(EXERCISE)
Begin at the line containing "apply: contrapT => not_bad; apply: not_goal." in the data below and go on through the line containing "by apply: uss_sum_tail_le;", repeating each line exactly; include both ends and no other line.

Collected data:
----------------
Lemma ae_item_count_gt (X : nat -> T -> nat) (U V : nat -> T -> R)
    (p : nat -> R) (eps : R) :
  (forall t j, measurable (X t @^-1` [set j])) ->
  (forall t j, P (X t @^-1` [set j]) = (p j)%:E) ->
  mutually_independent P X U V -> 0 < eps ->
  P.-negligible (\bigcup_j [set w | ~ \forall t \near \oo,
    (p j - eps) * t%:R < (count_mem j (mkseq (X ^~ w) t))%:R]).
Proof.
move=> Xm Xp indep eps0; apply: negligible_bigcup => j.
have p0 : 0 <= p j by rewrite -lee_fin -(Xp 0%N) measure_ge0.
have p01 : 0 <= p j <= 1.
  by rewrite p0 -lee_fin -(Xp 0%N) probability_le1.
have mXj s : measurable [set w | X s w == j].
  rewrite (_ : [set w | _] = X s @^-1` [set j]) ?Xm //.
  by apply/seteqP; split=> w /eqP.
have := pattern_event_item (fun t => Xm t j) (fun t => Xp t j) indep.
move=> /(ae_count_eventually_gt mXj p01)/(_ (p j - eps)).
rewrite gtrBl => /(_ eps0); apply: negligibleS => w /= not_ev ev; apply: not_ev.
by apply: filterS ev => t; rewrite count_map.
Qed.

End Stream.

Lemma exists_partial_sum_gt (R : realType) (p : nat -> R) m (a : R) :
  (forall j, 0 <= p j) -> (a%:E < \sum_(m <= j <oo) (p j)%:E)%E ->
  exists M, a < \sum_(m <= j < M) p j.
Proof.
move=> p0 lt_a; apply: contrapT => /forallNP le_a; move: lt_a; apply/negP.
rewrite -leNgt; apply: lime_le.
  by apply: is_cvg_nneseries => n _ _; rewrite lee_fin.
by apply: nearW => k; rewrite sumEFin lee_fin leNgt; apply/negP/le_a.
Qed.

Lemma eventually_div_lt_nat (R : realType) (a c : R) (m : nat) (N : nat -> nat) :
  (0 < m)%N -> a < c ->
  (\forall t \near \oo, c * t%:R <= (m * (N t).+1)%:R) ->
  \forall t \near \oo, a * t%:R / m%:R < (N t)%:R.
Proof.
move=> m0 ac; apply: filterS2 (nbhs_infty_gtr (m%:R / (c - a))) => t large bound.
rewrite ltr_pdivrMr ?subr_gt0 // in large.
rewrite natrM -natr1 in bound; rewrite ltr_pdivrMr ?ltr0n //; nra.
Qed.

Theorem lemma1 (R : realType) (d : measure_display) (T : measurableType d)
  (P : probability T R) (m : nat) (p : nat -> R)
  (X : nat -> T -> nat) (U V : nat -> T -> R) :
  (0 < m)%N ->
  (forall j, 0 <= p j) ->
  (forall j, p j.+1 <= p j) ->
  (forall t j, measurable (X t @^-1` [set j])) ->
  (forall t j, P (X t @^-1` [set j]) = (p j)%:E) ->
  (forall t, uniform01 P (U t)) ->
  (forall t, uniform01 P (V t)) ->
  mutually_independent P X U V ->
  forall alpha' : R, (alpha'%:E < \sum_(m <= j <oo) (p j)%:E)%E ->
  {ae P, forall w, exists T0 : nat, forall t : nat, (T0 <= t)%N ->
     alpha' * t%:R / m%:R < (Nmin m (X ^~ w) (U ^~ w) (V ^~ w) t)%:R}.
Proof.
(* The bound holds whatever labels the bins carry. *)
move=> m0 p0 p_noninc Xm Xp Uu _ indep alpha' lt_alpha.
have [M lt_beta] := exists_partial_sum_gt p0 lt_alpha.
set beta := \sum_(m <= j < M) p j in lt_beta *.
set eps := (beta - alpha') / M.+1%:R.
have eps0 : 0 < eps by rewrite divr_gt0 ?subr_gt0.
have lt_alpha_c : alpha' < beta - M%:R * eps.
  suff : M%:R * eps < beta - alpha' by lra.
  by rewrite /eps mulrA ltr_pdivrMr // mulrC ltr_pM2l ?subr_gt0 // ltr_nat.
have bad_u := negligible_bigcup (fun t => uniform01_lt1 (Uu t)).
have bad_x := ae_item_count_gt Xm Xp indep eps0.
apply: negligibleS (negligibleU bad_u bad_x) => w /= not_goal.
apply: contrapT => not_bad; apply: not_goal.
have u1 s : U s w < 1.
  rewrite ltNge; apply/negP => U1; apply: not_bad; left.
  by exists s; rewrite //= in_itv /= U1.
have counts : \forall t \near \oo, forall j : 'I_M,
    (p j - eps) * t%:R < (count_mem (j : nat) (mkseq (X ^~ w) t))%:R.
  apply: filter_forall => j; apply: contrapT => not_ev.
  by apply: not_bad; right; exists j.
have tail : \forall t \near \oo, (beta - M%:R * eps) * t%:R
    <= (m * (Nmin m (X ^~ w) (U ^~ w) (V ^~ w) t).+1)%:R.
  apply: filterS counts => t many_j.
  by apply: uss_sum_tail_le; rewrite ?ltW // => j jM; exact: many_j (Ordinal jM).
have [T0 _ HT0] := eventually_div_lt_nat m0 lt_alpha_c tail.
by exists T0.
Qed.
----------------
(EXPECTED ANSWER)
apply: contrapT => not_bad; apply: not_goal.
have u1 s : U s w < 1.
  rewrite ltNge; apply/negP => U1; apply: not_bad; left.
  by exists s; rewrite //= in_itv /= U1.
have counts : \forall t \near \oo, forall j : 'I_M,
    (p j - eps) * t%:R < (count_mem (j : nat) (mkseq (X ^~ w) t))%:R.
  apply: filter_forall => j; apply: contrapT => not_ev.
  by apply: not_bad; right; exists j.
have tail : \forall t \near \oo, (beta - M%:R * eps) * t%:R
    <= (m * (Nmin m (X ^~ w) (U ^~ w) (V ^~ w) t).+1)%:R.
  apply: filterS counts => t many_j.
  by apply: uss_sum_tail_le; rewrite ?ltW // => j jM; exact: many_j (Ordinal jM).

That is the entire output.